Let $U\subseteq V(H)$ with $|U|=p+2.$ We need to show $e(H[U])\ge p.$ Denote $I=\{i \mid U\cap V(H_i)\neq \emptyset ,1\le i\le 5\}.$ Since $|H_i|=q$ for $1\le i\le 5$ and $|U|=p+2,$ we have $|I|\ge 3.$ Denote $x_i=|U\cap V(H_i)|$ for $1\le i\le 5.$ Then, $0\le x_i\le q.$ We distinguish three cases.

Case 1: $|I|=3.$ There are at least two consecutive integers in I ( $1$ and $5$ are regarded as consecutive here). Without loss of generality, suppose $1,2\in I.$ Then, $1\le x_1,\,x_2\le q$ and $x_1+x_2\ge p+2-q=q+2.$ Hence, $e(H[U])\ge x_1x_2\ge 2q=p.$

Case 2: $|I|=4.$ Without loss of generality, suppose $I=\{1,2,3,4\}.$ Then, $e(H[U])=x_1x_2+x_2x_3+x_3x_4$ , where each $x_i$ is a positive integer and $x_1+x_2+x_3+x_4=p+2.$ Applying Lemma 2.1, we have $e(H[U])\ge (p+2)-1=p+1>p.$

Case 3: $|I|=5.$ Now, $e(H[U])=x_1x_2+x_2x_3+x_3x_4+x_4x_5+x_5x_1$ , where each $x_i$ is a positive integer and $x_1+x_2+x_3+x_4+x_5=p+2.$ Applying Lemma 2.2, we have $e(H[U])\ge 2(p+2)-5=2p-1>p.$

In every case, H is a $[p+2,p]$ -graph. This completes the proof.

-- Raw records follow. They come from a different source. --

Lemma d_wpow m : eqmod Irel (dd * w ^+ m) (eta ^+ m *: (w ^+ m * dd)).
Proof.
elim: m => [|m IH].
  by apply: (eqmod_eq Irel_ideal); rewrite !expr0 scale1r mul1r mulr1.
apply: (eqmod_trans Irel_ideal (_ : eqmod Irel _ ((eta *: (w * dd)) * w ^+ m))).
  by rewrite exprS mulrA; apply: eqmod_mulr => //; [nc_fin | exact: rel1_Irel].
apply: (eqmod_trans Irel_ideal
         (_ : eqmod Irel _ (eta *: (w * (eta ^+ m *: (w ^+ m * dd)))))).
  rewrite -scalerAl -mulrA.
  by apply/(eqmod_scale Irel_ideal)/(eqmod_mull Irel_ideal); nc_fin.
by apply: (eqmod_eq Irel_ideal); rewrite -scalerAr scalerA mulrA -!exprS.
Qed.

Lemma absorb_d y : nc_fin y -> eqmod J (y * dd) y.
Proof.
move=> Hy; rewrite /eqmod -{2}[y]mulr1 -mulrBr; apply: (J_mull J_ideal Hy).
by case: J_kernel.
Qed.

Definition X i m : ncp K := uu ^+ i * w ^+ m.

Lemma d_action i m : eqmod J (dd * X i m)
  (eta ^+ m *: X i m + qint i *: X i.-1 m.+1 - (i%:R * eps) *: X i.-1 m).
Proof.
case: i => [|i] /=.
  rewrite mul0r !scale0r addr0 subr0 /X expr0 !mul1r.
  apply: (eqmod_trans J_ideal (two_sided_eqmod (d_wpow m))).
  by apply/(eqmod_scale J_ideal)/absorb_d; nc_fin.
apply: (eqmod_trans J_ideal (_ : eqmod J _ ((uu ^+ i.+1 * dd
   + qint i.+1 *: (uu ^+ i * w) - (i.+1%:R * eps) *: uu ^+ i) * w ^+ m))).
  rewrite /X mulrA; apply: two_sided_eqmod; apply: eqmod_mulr; first by nc_fin.
  exact: (d_upow i).
rewrite mulrBl mulrDl -!scalerAl -!mulrA -exprS.
apply: (eqmod_sub J_ideal); last exact: (eqmod_refl J_ideal).
apply: (eqmod_add J_ideal); last exact: (eqmod_refl J_ideal).
apply: (eqmod_trans J_ideal (_ : eqmod J _ (uu ^+ i.+1 * (eta ^+ m *: (w ^+ m * dd))))).
  apply: two_sided_eqmod; apply: (eqmod_mull Irel_ideal); first by nc_fin.
  exact: (d_wpow m).
by rewrite -scalerAr mulrA; apply/(eqmod_scale J_ideal)/absorb_d; nc_fin.
Qed.

Definition supported n (c : nat -> nat -> K) := forall i m, (n <= i + m)%N -> c i m = 0.

Definition comb n (c : nat -> nat -> K) : ncp K :=
  \sum_(0 <= i < n) \sum_(0 <= m < n) c i m *: X i m.

Lemma supportedS n c : supported n c -> supported n.+1 c.
Proof. by move=> Hc i m Him; apply: Hc; lia. Qed.

Lemma combD n c1 c2 : comb n (fun i m => c1 i m + c2 i m) = comb n c1 + comb n c2.
Proof.
rewrite /comb -big_split; apply: eq_bigr => i _.
by rewrite -big_split; apply: eq_bigr => m _; rewrite scalerDl.
Qed.

Lemma combB n c1 c2 : comb n (fun i m => c1 i m - c2 i m) = comb n c1 - comb n c2.
Proof.
rewrite /comb -sumrB; apply: eq_bigr => i _.
by rewrite -sumrB; apply: eq_bigr => m _; rewrite scalerBl.
Qed.

Lemma combZ n a c : comb n (fun i m => a * c i m) = a *: comb n c.
Proof.
rewrite /comb scaler_sumr; apply: eq_bigr => i _.
by rewrite scaler_sumr; apply: eq_bigr => m _; rewrite scalerA.
Qed.

Lemma comb0 n : comb n (fun _ _ => 0) = 0.
Proof. by rewrite /comb big1 // => i _; rewrite big1 // => m _; rewrite scale0r. Qed.

Lemma combS n c : supported n c -> comb n.+1 c = comb n c.
Proof.
move=> Hc; rewrite /comb big_nat_recr //= [Y in _ + Y]big1 => [|m _]; last first.
  by rewrite Hc ?scale0r //; lia.
rewrite addr0; apply: eq_bigr => i _.
by rewrite big_nat_recr //= Hc ?scale0r ?addr0 //; lia.
Qed.

Lemma comb_single n c i0 m0 : (i0 < n)%N -> (m0 < n)%N ->
  (forall i m, (i != i0) || (m != m0) -> c i m = 0) -> comb n c = c i0 m0 *: X i0 m0.
Proof.
move=> Hi Hm Hc; have uniq_iota k : uniq (index_iota 0 k) by apply: iota_uniq.
rewrite /comb (bigD1_seq i0) ?mem_index_iota ?uniq_iota //=.
rewrite [Y in _ + Y]big1 => [|i Hi0]; last first.
  by rewrite big1 // => m _; rewrite Hc ?scale0r // Hi0.
rewrite addr0 (bigD1_seq m0) ?mem_index_iota ?uniq_iota //=.
rewrite [Y in _ + Y]big1 ?addr0 // => m Hm0.
by rewrite Hc ?scale0r // Hm0 orbT.
Qed.

Definition ucoef (c : nat -> nat -> K) i m := if i is i'.+1 then c i' m else 0.

Lemma comb_u n c : supported n c -> uu * comb n c = comb n.+1 (ucoef c).
Proof.
move=> Hc; rewrite /comb big_nat_recl //= [Y in Y + _]big1 => [|m _]; last first.
  by rewrite scale0r.
rewrite add0r mulr_sumr; apply: eq_bigr => i _.
rewrite big_nat_recr //= Hc ?scale0r ?addr0; last lia.
rewrite mulr_sumr; apply: eq_bigr => m _.
by rewrite -scalerAr /X mulrA -exprS.
Qed.

Definition dcoef (c : nat -> nat -> K) i m :=
  eta ^+ m * c i m + (if m is m'.+1 then qint i.+1 * c i.+1 m' else 0)
  - (i.+1%:R * eps) * c i.+1 m.

Lemma dcoef_supported n c : supported n c -> supported n (dcoef c).
Proof.
move=> Hc i m Him; rewrite /dcoef !Hc ?mulr0 ?add0r ?subr0; try lia.
by case: m Him => [|m] Him //; rewrite Hc ?mulr0 //; lia.
Qed.

Lemma comb_d n c : supported n c -> eqmod J (dd * comb n c) (comb n (dcoef c)).
Proof.
move=> Hc.
have -> : dd * comb n c = \sum_(0 <= i < n) \sum_(0 <= m < n) c i m *: (dd * X i m).
  by rewrite /comb mulr_sumr; apply: eq_bigr => i _; rewrite mulr_sumr;
     apply: eq_bigr => m _; rewrite -scalerAr.
apply: (eqmod_trans J_ideal (eqmod_sum J_ideal _ (fun i => eqmod_sum J_ideal _ (fun m =>
          eqmod_scale J_ideal (c i m) (d_action i m))))).
apply: (eqmod_eq J_ideal).
have up : \sum_(0 <= i < n) \sum_(0 <= m < n) c i m *: (qint i *: X i.-1 m.+1)
    = comb n (fun i m => if m is m'.+1 then qint i.+1 * c i.+1 m' else 0).
  rewrite big_nat_shift; first last.
  - by rewrite big1 // => m _; rewrite Hc ?scale0r //; lia.
  - by rewrite big1 // => m _; rewrite /= scale0r scaler0.
  apply: eq_bigr => i _; rewrite [RHS]big_nat_shift; first last.
  - by case: n Hc => [|n] Hc; rewrite ?scale0r // Hc ?mulr0 ?scale0r //; lia.
  - by rewrite scale0r.
  by apply: eq_bigr => m _; rewrite scalerA mulrC.
have diag : \sum_(0 <= i < n) \sum_(0 <= m < n) c i m *: (eta ^+ m *: X i m)
    = comb n (fun i m => eta ^+ m * c i m).
  by apply: eq_bigr => i _; apply: eq_bigr => m _; rewrite scalerA mulrC.
have left : \sum_(0 <= i < n) \sum_(0 <= m < n) c i m *: ((i%:R * eps) *: X i.-1 m)
    = comb n (fun i m => (i.+1%:R * eps) * c i.+1 m).
  rewrite big_nat_shift; first last.
  - by rewrite big1 // => m _; rewrite Hc ?scale0r //; lia.
  - by rewrite big1 // => m _; rewrite mul0r scale0r scaler0.
  by apply: eq_bigr => i _; apply: eq_bigr => m _; rewrite scalerA mulrC.
rewrite /dcoef combB combD -diag -up -left.
under eq_bigr => i _ do under eq_bigr => m _ do rewrite scalerBr scalerDr.
under eq_bigr => i _ do rewrite sumrB big_split.
by rewrite sumrB big_split.
Qed.

(* Modulo J, every noncommutative polynomial of degree < n is a combination
   of the u^i w^m supported in i + m < n: peel off the first letter and use
   [comb_d] and [comb_u]. *)
Lemma spanning n f : (forall s, (n <= size s)%N -> f s = 0) ->
  exists c, supported n c /\ eqmod J f (comb n c).
Proof.
elim: n f => [|n IH] f Hf.
  exists (fun _ _ => 0); split => //; apply: (eqmod_eq J_ideal).
  by rewrite comb0; apply: funext => s; rewrite Hf.
have [cd [Hd Ed]] := IH (nc_tail false f) (fun s Hs => Hf (false :: s) Hs).
have [cu [Hu Eu]] := IH (nc_tail true f) (fun s Hs => Hf (true :: s) Hs).
pose c0 i m := if (i == 0%N) && (m == 0%N) then f [::] else 0.
exists (fun i m => c0 i m + dcoef cd i m + ucoef cu i m); split.
  move=> i m Him; rewrite (supportedS (dcoef_supported Hd)) // addr0.
  case: i Him => [|i] Him /=; last by rewrite Hu ?addr0 //; lia.
  by case: m Him => [|m] Him //; rewrite addr0.
rewrite 2!combD (@comb_single _ c0 0 0) // => [|i m]; last first.
  by rewrite /c0; case: eqP; case: eqP.
rewrite /X !expr0 mulr1 -comb_u // combS; last exact: (dcoef_supported Hd).
rewrite {1}[f]nc_first_letter; apply: (eqmod_add J_ideal); last first.
  by apply: (eqmod_mull J_ideal) => //; nc_fin.
apply: (eqmod_add J_ideal); first exact: (eqmod_refl J_ideal).
apply: (eqmod_trans J_ideal _ (comb_d Hd)).
by apply: (eqmod_mull J_ideal) => //; nc_fin.
Qed.

Hypotheses (eta_neq0 : eta != 0) (eta_not_root : forall n, (0 < n)%N -> eta ^+ n != 1).
Hypothesis char0 : [pchar K] =i pred0.

(* The eigenvalues eta^m of d on the columns are pairwise distinct. *)
Lemma eta_expr_neq m B : (m < B)%N -> eta ^+ m != eta ^+ B.
Proof.
move=> lt_mB; rewrite -(subnKC (ltnW lt_mB)) exprD -{1}(mulr1 (eta ^+ m)).
by rewrite (inj_eq (mulfI (expf_neq0 m eta_neq0))) eq_sym eta_not_root // subn_gt0.
Qed.

Lemma natr_neq0 n : n.+1%:R != 0 :> K.
Proof. by have /pcharf0P -> := char0. Qed.

Lemma eps_neq0 : eps != 0. Proof. by rewrite invr_eq0. Qed.

Definition dsub (lam : K) (c : nat -> nat -> K) i m := dcoef c i m - lam * c i m.

Lemma dsub_supported n lam c : supported n c -> supported n (dsub lam c).
Proof. by move=> Hc i m Him; rewrite /dsub (dcoef_supported Hc) // Hc // mulr0 subr0. Qed.

Lemma comb_dsub n lam c : supported n c -> J (comb n c) -> J (comb n (dsub lam c)).
Proof.
move=> Hc Jc; rewrite /dsub combB combZ.
have Jd : J (dd * comb n c) by apply: (J_mull J_ideal) => //; nc_fin.
have := J_sub J_ideal (J_sub J_ideal Jd (comb_d Hc)) (J_scale J_ideal lam Jc).
by rewrite opprB [dd * _ + _]addrC subrK.
Qed.

Definition rows_le I (c : nat -> nat -> K) := forall i m, (I < i)%N -> c i m = 0.

Lemma dsub_rows_le I lam c : rows_le I c -> rows_le I (dsub lam c).
Proof.
move=> Hc i m Hi; rewrite /dsub /dcoef !Hc ?mulr0 ?subr0 ?add0r; try lia.
by case: m => [|m] //; rewrite Hc ?mulr0 //; lia.
Qed.

Lemma dsub_top_row I lam c m : rows_le I c -> dsub lam c I m = (eta ^+ m - lam) * c I m.
Proof.
move=> Hc; rewrite /dsub /dcoef (Hc I.+1 m (ltnSn I)) mulr0 subr0 mulrBl.
by case: m => [|m] //=; rewrite ?addr0 // (Hc I.+1 m (ltnSn I)) mulr0 addr0.
Qed.

Lemma dsub_lower_row I B c : rows_le I.+1 c -> (forall m, (m < B)%N -> c I.+1 m = 0) ->
  dsub (eta ^+ B) c I B = - (I.+1%:R * eps) * c I.+1 B.
Proof.
move=> Hc HB; rewrite /dsub /dcoef.
have -> : (if B is m'.+1 then qint I.+1 * c I.+1 m' else 0) = 0.
  by case: B HB => [|B] HB //; rewrite HB ?mulr0.
by rewrite addr0 addrAC subrr add0r mulNr.
Qed.

Definition single_in_row I B (c : nat -> nat -> K) :=
  c I B != 0 /\ forall m, m != B -> c I m = 0.

Lemma isolate_row n I B c : supported n c -> rows_le I c ->
  (forall m, (B <= m)%N -> c I m = 0) -> (exists m, c I m != 0) -> J (comb n c) ->
  exists c' B', [/\ supported n c', rows_le I c', single_in_row I B' c' & J (comb n c')].
Proof.
elim: B c => [|B IH] c Hs Hr Hb [m0 Hm0] HJ; first by rewrite Hb ?eqxx in Hm0.
have [HB|HB] := eqVneq (c I B) 0.
  apply: (IH c) => //; last by exists m0.
  by move=> m; rewrite leq_eqVlt => /orP [/eqP <- | /Hb].
have [[m1 [lt_m1B Hm1]]|Hlow] := pselect (exists m, (m < B)%N /\ c I m != 0).
  apply: (IH (dsub (eta ^+ B) c)).
  - exact: dsub_supported.
  - exact: dsub_rows_le.
  - move=> m; rewrite (dsub_top_row _ _ Hr) leq_eqVlt => /orP [/eqP <- | /Hb ->].
      by rewrite subrr mul0r.
    by rewrite mulr0.
  - by exists m1; rewrite (dsub_top_row _ _ Hr) mulf_neq0 // subr_eq0 eta_expr_neq.
  - exact: comb_dsub.
exists c, B; split => //; split => // m HmB.
have [lt_mB|lt_Bm|eq_mB] := ltngtP m B; last by rewrite eq_mB eqxx in HmB.
  by apply/eqP/negPn/negP => Hm; apply: Hlow; exists m.
exact: Hb.
Qed.

Lemma lower_row I B c : rows_le I.+1 c -> single_in_row I.+1 B c ->
  rows_le I (dsub (eta ^+ B) c) /\ dsub (eta ^+ B) c I B != 0.
Proof.
move=> Hr [HB Hrow]; split.
  move=> i m Hi; have [lt_iI|lt_Ii|->] := ltngtP i I.+1; first lia.
    exact: (dsub_rows_le _ Hr).
  rewrite (dsub_top_row _ _ Hr); have [->|/Hrow ->] := eqVneq m B.
    by rewrite subrr mul0r.
  by rewrite mulr0.
rewrite (dsub_lower_row Hr) => [|m lt_mB]; last by apply: Hrow; rewrite ltn_eqF.
by rewrite mulf_neq0 // oppr_eq0 mulf_neq0 ?natr_neq0 ?eps_neq0.
Qed.

Lemma row0_single n B c : supported n c -> rows_le 0 c -> single_in_row 0 B c ->
  J (comb n c) -> J (w ^+ B).
Proof.
move=> Hs Hr [HB Hrow].
have lt_Bn : (B < n)%N.
  by rewrite ltnNge; apply: contra HB => le_nB; rewrite Hs.
rewrite (@comb_single n c 0 B) ?(leq_ltn_trans (leq0n B) lt_Bn) //; last first.
  by move=> [|i] m /= Hm; [exact: Hrow | exact: Hr].
move=> /(J_scale J_ideal (c 0%N B)^-1).
by rewrite scalerA mulVf // scale1r /X expr0 mul1r.
Qed.
(* Let $\rho_1,\rho_2\in[\lambda_0,\lambda_1]$ be the thresholds defined below. Then the optimal action on the boundary of the rectangle $[\lambda_0,\lambda_1]^2$ is as follows: (a) On $p_2=\lambda_0$: for $\lambda_0\le p_1\le\rho_1$, $(p_1,\lambda_0)\in\Phi_{B_b}$; for $\rho_1<p_1\le\lambda_1$, $(p_1,\lambda_0)\in\Phi_{B_1}$. (b) On $p_2=\lambda_1$: for $\rho_2\le p_1\le\lambda_1$, $(p_1,\lambda_1)\in\Phi_{B_b}$; for $\lambda_0\le p_1<\rho_2$, $(p_1,\lambda_1)\in\Phi_{B_2}$. (c) On $p_1=\lambda_0$: for $\lambda_0\le p_2\le\rho_1$, $(\lambda_0,p_2)\in\Phi_{B_b}$; for $\rho_1<p_2\le\lambda_1$, $(\lambda_0,p_2)\in\Phi_{B_2}$. (d) On $p_1=\lambda_1$: for $\rho_2\le p_2\le\lambda_1$, $(\lambda_1,p_2)\in\Phi_{B_b}$; for $\lambda_0\le p_2<\rho_2$, $(\lambda_1,p_2)\in\Phi_{B_1}$.
   Context: Fix parameters $0\le\lambda_0\le\lambda_1\le 1$, a discount factor $\beta\in[0,1)$, and rates $0<R_l<R_h<2R_l$. Let $\alpha=\lambda_1-\lambda_0$ and $T(p)=\alpha p+\lambda_0$. The model consists of two independent, identical Gilbert–Elliott channels with $\Pr[\text{good}\mid\text{good}]=\lambda_1$ and $\Pr[\text{good}\mid\text{bad}]=\lambda_0$. The belief state is $(p_1,p_2)\in[0,1]^2$, and there are three actions, $B_b$, $B_1$ and $B_2$. Let $V:[0,1]^2\to\mathbb R$ be the optimal expected total discounted reward, i.e. the unique bounded function satisfying $V=\max\{V_{B_b},V_{B_1},V_{B_2}\}$, where $V_{B_b}(p_1,p_2)=p_1R_l+p_2R_l+\beta[(1-p_1)(1-p_2)V(\lambda_0,\lambda_0)+p_1(1-p_2)V(\lambda_1,\lambda_0)+(1-p_1)p_2V(\lambda_0,\lambda_1)+p_1p_2V(\lambda_1,\lambda_1)]$, $V_{B_1}(p_1,p_2)=p_1R_h+\beta[(1-p_1)V(\lambda_0,T(p_2))+p_1V(\lambda_1,T(p_2))]$, $V_{B_2}(p_1,p_2)=p_2R_h+\beta[(1-p_2)V(T(p_1),\lambda_0)+p_2V(T(p_1),\lambda_1)]$. For $a\in\{B_b,B_1,B_2\}$, the decision region is $\Phi_a=\{(p_1,p_2)\in[0,1]^2: V(p_1,p_2)=V_a(p_1,p_2)\}$. The thresholds $\rho_1,\rho_2\in[\lambda_0,\lambda_1]$ are defined by $\{p_1\in[\lambda_0,\lambda_1]:(p_1,\lambda_0)\in\Phi_{B_b}\}=[\lambda_0,\rho_1]$ and $\{p_1\in[\lambda_0,\lambda_1]:(p_1,\lambda_1)\in\Phi_{B_b}\}=[\rho_2,\lambda_1]$; the paper establishes that both sets are intervals of this form. *)

From Stdlib Require Import Reals.
Open Scope R_scope.

Definition Tmap (l0 l1 p : R) : R := (l1 - l0) * p + l0.

Definition in01 (x : R) : Prop := 0 <= x <= 1.

Inductive action : Type := ABb | AB1 | AB2.

Definition Vact (l0 l1 beta Rl Rh : R) (V : R -> R -> R) (a : action)
    (p1 p2 : R) : R :=
  match a with
  | ABb => p1 * Rl + p2 * Rl +
          beta * ((1 - p1) * (1 - p2) * V l0 l0 + p1 * (1 - p2) * V l1 l0
                  + (1 - p1) * p2 * V l0 l1 + p1 * p2 * V l1 l1)
  | AB1 => p1 * Rh + beta * ((1 - p1) * V l0 (Tmap l0 l1 p2)
                            + p1 * V l1 (Tmap l0 l1 p2))
  | AB2 => p2 * Rh + beta * ((1 - p2) * V (Tmap l0 l1 p1) l0
                            + p2 * V (Tmap l0 l1 p1) l1)
  end.

(* V is the optimal value function: bounded on [0,1]^2 and solves the
   Bellman equation V = max {V_Bb, V_B1, V_B2} on [0,1]^2 (its unique such
   solution, by the contraction property, since 0 <= beta < 1). *)
Definition is_optimal_value (l0 l1 beta Rl Rh : R) (V : R -> R -> R) : Prop :=
  (exists M, forall p1 p2, in01 p1 -> in01 p2 -> Rabs (V p1 p2) <= M) /\
  (forall p1 p2, in01 p1 -> in01 p2 ->
     V p1 p2 = Rmax (Vact l0 l1 beta Rl Rh V ABb p1 p2)
                    (Rmax (Vact l0 l1 beta Rl Rh V AB1 p1 p2)
                          (Vact l0 l1 beta Rl Rh V AB2 p1 p2))).

Definition Phi (l0 l1 beta Rl Rh : R) (V : R -> R -> R) (a : action)
    (p1 p2 : R) : Prop :=
  in01 p1 /\ in01 p2 /\ V p1 p2 = Vact l0 l1 beta Rl Rh V a p1 p2.

From Stdlib Require Import Reals Lra Psatz.
Open Scope R_scope.

(* The optimal value function V inherits two structural properties from the
   value-iteration approximants W_n (W_0 = 0, W_(n+1) = Bellman operator
   applied to W_n), because |V - W_n| <= M beta^n on [0,1]^2:
   - symmetry  V(x,y) = V(y,x), since the model is invariant under swapping
     the two channels;
   - convexity of V in its first argument, since the Bellman operator maps
     functions convex in p1 to functions convex in p1 (B_b and B_1 are affine
     in p1, B_2 is convex in p1, and a maximum of convex functions is convex).
   Convexity together with R_h < 2 R_l gives V_{B_2} <= V_{B_b} below the
   diagonal (p2 <= p1); by symmetry V_{B_1} <= V_{B_b} above it.  Hence on the
   edge p2 = lambda_0 the optimal action is B_b or B_1, on p2 = lambda_1 it is
   B_b or B_2, and the thresholds rho_1, rho_2 decide between them (parts
   (a), (b)).  Parts (c), (d) follow by the symmetry of the decision regions. *)

Lemma Rabs_le_inv (x e : R) : Rabs x <= e -> - e <= x <= e.
Proof. unfold Rabs; destruct (Rcase_abs x); lra. Qed.

Definition mix (t a b : R) : R := (1 - t) * a + t * b.

Lemma mix_abs_le (t a b e : R) :
  0 <= t <= 1 -> Rabs a <= e -> Rabs b <= e -> Rabs (mix t a b) <= e.
Proof.
  intros Ht Ha Hb; unfold mix.
  apply Rabs_le; apply Rabs_le_inv in Ha; apply Rabs_le_inv in Hb; nra.
Qed.

Lemma mix_le_compat (t a b a' b' : R) :
  0 <= t <= 1 -> a <= a' -> b <= b' -> mix t a b <= mix t a' b'.
Proof. intros Ht Ha Hb; unfold mix; nra. Qed.

Lemma mix_in01 (t x y : R) : in01 t -> in01 x -> in01 y -> in01 (mix t x y).
Proof. unfold in01, mix; intros; split; nra. Qed.

Lemma max3_convex (t A B C A1 B1 C1 A2 B2 C2 : R) : 0 <= t <= 1 ->
  A <= mix t A1 A2 -> B <= mix t B1 B2 -> C <= mix t C1 C2 ->
  Rmax A (Rmax B C) <= mix t (Rmax A1 (Rmax B1 C1)) (Rmax A2 (Rmax B2 C2)).
Proof.
  unfold mix; intros Ht HA HB HC.
  pose proof (Rmax_l A1 (Rmax B1 C1)); pose proof (Rmax_r A1 (Rmax B1 C1)).
  pose proof (Rmax_l B1 C1); pose proof (Rmax_r B1 C1).
  pose proof (Rmax_l A2 (Rmax B2 C2)); pose proof (Rmax_r A2 (Rmax B2 C2)).
  pose proof (Rmax_l B2 C2); pose proof (Rmax_r B2 C2).
  repeat apply Rmax_lub; nra.
Qed.

Lemma Rmax_dist_le (a b c d e : R) :
  Rabs (a - c) <= e -> Rabs (b - d) <= e -> Rabs (Rmax a b - Rmax c d) <= e.
Proof.
  intros H1 H2; apply Rabs_le_inv in H1; apply Rabs_le_inv in H2; apply Rabs_le.
  unfold Rmax; destruct (Rle_dec a b); destruct (Rle_dec c d); lra.
Qed.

Proof. Let G be a $2$ -connected $[4,2]$ -graph of order at least $7.$ Since G is $2$ -connected, $\delta (G)\ge 2.$ By the case $p=2$ of Lemma 2.4, G contains a triangle $C_3.$ Then, successively applying Theorem 1.3, we deduce that G is pancyclic.